══ RECORDS TO USE
(* Let $r=[r_0,\ldots,r_m]$ and $c=[c_0,\ldots,c_n]$ be selections of rows and columns of the Pascal upper triangular matrix $T$, and let $\{\hat r,\hat c\}$ be an ordered sub-pair of $\{r,c\}$ of length $p+1\ge 1$, with $\hat r=[\hat r_0,\ldots,\hat r_p]$ and $\hat c=[\hat c_0,\ldots,\hat c_p]$. Then: (i) $T_{\hat r,\hat c}$ is a $(p+1)\times(p+1)$ invertible submatrix of $T_{r,c}$; (ii) $T_{\hat r,c}$ is a $(p+1)\times(n+1)$ matrix of full row rank $p+1$; (iii) $T_{r,\hat c}$ is an $(m+1)\times(p+1)$ matrix of full column rank $p+1$. If moreover $\{\hat r,\hat c\}$ is maximal, then: (iv) $\operatorname{rank}(T_{r,c})=p+1$; (v) the columns of $T_{r,\hat c}$ span the column space of $T_{r,c}$; (vi) the rows of $T_{\hat r,c}$ span the row space of $T_{r,c}$.
   Context: The Pascal upper triangular matrix is the infinite matrix $T=(T_{i,j})_{i,j\ge 0}$ with $T_{i,j}=\binom{j}{i}$, where $\binom{j}{i}:=0$ if $i>j$ (rows and columns indexed from $0$). A selection of rows (resp. columns) is a strictly increasing finite sequence of nonnegative integers. For selections $r=[r_0,\ldots,r_m]$ and $c=[c_0,\ldots,c_n]$, $T_{r,c}$ denotes the $(m+1)\times(n+1)$ matrix whose $(i,j)$ entry is $\binom{c_j}{r_i}$. A pair $\{\hat r,\hat c\}$ is an ordered sub-pair of $\{r,c\}$ of length $p+1$ if $\hat r=[\hat r_0,\ldots,\hat r_p]$ is a subsequence of $r$, $\hat c=[\hat c_0,\ldots,\hat c_p]$ is a subsequence of $c$, and $\hat r_i\le \hat c_i$ for all $i=0,\ldots,p$ (the empty pair has length $0$). It is maximal if no ordered sub-pair of $\{r,c\}$ has length greater than $p+1$. *)

From HB Require Import structures.
From mathcomp Require Import all_boot all_order all_algebra.
Set Implicit Arguments. Unset Strict Implicit. Unset Printing Implicit Defensive.
Import Order.TTheory GRing.Theory Num.Theory.

Definition selection (s : seq nat) : bool := sorted ltn s.

(* T_{r,c} : the submatrix of the Pascal upper triangular matrix T (T_{i,j} = C(j,i))
   with rows r and columns c; entry (i,j) is binom(c_j, r_i) (which is 0 when r_i > c_j). *)
Definition pascal_sub (m n : nat) (r c : seq nat) : 'M[rat]_(m, n) :=
  \matrix_(i < m, j < n) ('C(nth 0%N c j, nth 0%N r i))%:R%R.

Definition ordered_subpair (r c rh ch : seq nat) : Prop :=
  [/\ size rh = size ch, subseq rh r, subseq ch c &
      forall i, (i < size rh)%N -> (nth 0%N rh i <= nth 0%N ch i)%N].

Definition maximal_subpair (r c rh ch : seq nat) : Prop :=
  ordered_subpair r c rh ch /\
  forall rh' ch', ordered_subpair r c rh' ch' -> (size rh' <= size rh)%N.

From HB Require Import structures.
From mathcomp Require Import all_boot all_order all_algebra.
From mathcomp Require Import zify.
Import Order.TTheory GRing.Theory Num.Theory.
Set Implicit Arguments. Unset Strict Implicit. Unset Printing Implicit Defensive.
Local Open Scope ring_scope.

(** The heart of the matter is a sign property of square binomial matrices
    [B(r, c) = (C(c_j, r_i))_{i,j}] with strictly increasing [r] and [c]:
    [det B(r, c) >= 0], with strict inequality when [r_i <= c_i] for all [i].
    Subtracting from each column the previous one turns, by the hockey-stick
    identity, column [j] into [sum_{c_{j-1} <= k < c_j} C(k, r_i - 1)];
    multilinearity then expands the determinant into determinants of binomial
    matrices with rows [r_i - 1] and increasing columns [k_0 < k_1 < ...], and
    the term [k_j = c_j - 1] is positive by induction.  Conversely, if
    [c_k < r_k], the first [k + 1] columns vanish from row [k] on, so they are
    dependent and [B(r, c)] is singular.  Hence an ordered sub-pair indexes an
    invertible submatrix, which gives (i)-(iii); and since a rank-[k] matrix
    has an invertible [k x k] submatrix on increasing rows and columns, the
    rank of [T_{r,c}] is the length of a maximal ordered sub-pair, which gives
    (iv)-(vi). *)

Lemma binS_sum c r : 'C(c, r.+1) = (\sum_(0 <= k < c) 'C(k, r))%N.
Proof.
elim: c => [|c IHc]; first by rewrite big_geq.
by rewrite binS IHc big_nat_recr //= addnC.
Qed.

Lemma binS_sub_sum (R : nzRingType) d c r : (d <= c)%N ->
  ('C(c, r.+1))%:R - ('C(d, r.+1))%:R = \sum_(d <= k < c) ('C(k, r))%:R :> R.
Proof.
move=> le_dc; rewrite !binS_sum (@big_cat_nat _ _ _ d 0 c _ _ (leq0n d) le_dc) /= natrD !natr_sum.
by rewrite addrC addKr.
Qed.

Lemma sum_ltn_at n (F G : 'I_n -> nat) j :
  (forall k, k != j -> F k = G k) -> (F j < G j)%N ->
  (\sum_(k < n) F k < \sum_(k < n) G k)%N.
Proof.
move=> eqFG lt_FGj; rewrite (bigD1 j) //= [X in (_ < X)%N](bigD1 j) //=.
by rewrite (eq_bigr G) ?ltn_add2r // => k /andP[_ /eqFG].
Qed.

Section ColumnOperations.

Variable R : comNzRingType.

Lemma det_add_col n (A B C : 'M[R]_n) j :
  col j A = col j B + col j C -> col' j B = col' j A -> col' j C = col' j A ->
  \det A = \det B + \det C.
Proof.
move=> colA colB colC; rewrite -det_tr -(det_tr B) -(det_tr C).
rewrite (determinant_multilinear (B := B^T) (C := C^T) (i0 := j) (b := 1) (c := 1)) ?mul1r //.
- by rewrite !scale1r -!tr_col colA linearD.
- by rewrite -!tr_col' colB.
- by rewrite -!tr_col' colC.
Qed.

Lemma det_col0 n (A : 'M[R]_n) j : col j A = 0 -> \det A = 0.
Proof.
move=> colA0; rewrite (expand_det_col _ j) big1 // => i _.
by have := congr1 (fun M : 'cV_n => M i 0) colA0; rewrite !mxE => ->; rewrite mul0r.
Qed.

Definition diff_mx n : 'M[R]_n :=
  \matrix_(k, j) ((k == j)%:R - (k.+1 == j :> nat)%:R).

Lemma det_diff_mx n : \det (diff_mx n) = 1.
Proof.
rewrite -det_tr det_trig; last first.
  apply/is_trig_mxP => i j lt_ij; rewrite !mxE.
  by rewrite -val_eqE /= (gtn_eqF lt_ij) (@gtn_eqF i j.+1 (ltnW lt_ij)) subrr.
by apply: big1 => i _; rewrite !mxE eqxx eqn_leq ltnn subr0.
Qed.

Lemma mul_diff_mx0 m n (A : 'M[R]_(m, n)) i (j : 'I_n) :
  j = 0%N :> nat -> (A *m diff_mx n) i j = A i j.
Proof.
move=> j0; rewrite !mxE (bigD1 j) //= big1 => [|k neq_kj].
  by rewrite !mxE eqxx j0 subr0 mulr1 addr0.
by rewrite !mxE (negbTE neq_kj) j0 subrr mulr0.
Qed.

Lemma mul_diff_mxS m n (A : 'M[R]_(m, n)) i (j j' : 'I_n) :
  j = j'.+1 :> nat -> (A *m diff_mx n) i j = A i j - A i j'.
Proof.
move=> jS; have neq_j'j : j' != j by rewrite -val_eqE /= jS ltn_eqF.
rewrite !mxE (bigD1 j) //= (bigD1 j') //= big1 => [|k /andP[neq_kj neq_kj']].
  by rewrite !mxE eqxx jS eqxx (negbTE neq_j'j) eqn_leq ltnn addr0 subr0 sub0r mulrN1 mulr1.
rewrite !mxE (negbTE neq_kj) jS eqSS.
by rewrite val_eqE (negbTE neq_kj') subrr mulr0.
Qed.

End ColumnOperations.

Definition increasing n (f : nat -> nat) :=
  forall i j, (i < j)%N -> (j < n)%N -> (f i < f j)%N.

Definition dominated n (r c : nat -> nat) := forall i, (i < n)%N -> (r i <= c i)%N.

Lemma increasingS n f :
  (forall j, (j.+1 < n)%N -> (f j < f j.+1)%N) -> increasing n f.
Proof.
move=> f_step i j; elim: j => // j IHj; rewrite ltnS leq_eqVlt => /predU1P[-> | lt_ij] lt_jn.
  exact: f_step.
exact: ltn_trans (IHj lt_ij (ltnW lt_jn)) (f_step j lt_jn).
Qed.

Lemma increasing_leq n f i j : increasing n f -> (i <= j)%N -> (j < n)%N -> (f i <= f j)%N.
Proof. by move=> inc_f; rewrite leq_eqVlt => /predU1P[-> // | lt_ij /(inc_f _ _ lt_ij)/ltnW]. Qed.

Lemma increasing_shift n f : increasing n.+1 f -> increasing n (fun i => f i.+1).
Proof. by move=> inc_f i j lt_ij lt_jn; apply: inc_f. Qed.

Lemma increasing_gt0 n f i : increasing n f -> (0 < f 0)%N -> (i < n)%N -> (0 < f i)%N.
Proof.
by move=> inc_f f0_gt0 lt_in; apply: leq_trans f0_gt0 (increasing_leq inc_f (leq0n i) lt_in).
Qed.

Lemma increasing_pred n f :
  increasing n f -> (forall i, (i < n)%N -> (0 < f i)%N) -> increasing n (fun i => (f i).-1).
Proof.
move=> inc_f f_gt0 i j lt_ij lt_jn; have := inc_f i j lt_ij lt_jn.
by have := f_gt0 i (ltn_trans lt_ij lt_jn); lia.
Qed.

Lemma increasing_nth s : selection s -> increasing (size s) (nth 0%N s).
Proof.
move=> sel_s i j lt_ij lt_js; apply: (sorted_ltn_nth ltn_trans) => //.
by rewrite inE (ltn_trans lt_ij).
Qed.

Definition binom_mx {R : nzRingType} n (r c : nat -> nat) : 'M[R]_n :=
  \matrix_(i, j) ('C(c j, r i))%:R.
════
**TASK DETAILS**
Your answer must be the line holding "by rewrite inE (ltn_trans lt_ij)." and every later line of the entries above, written out exactly, and nothing else.

**ANSWER FOR THIS EXERCISE**
by rewrite inE (ltn_trans lt_ij).
Qed.

Definition binom_mx {R : nzRingType} n (r c : nat -> nat) : 'M[R]_n :=
  \matrix_(i, j) ('C(c j, r i))%:R.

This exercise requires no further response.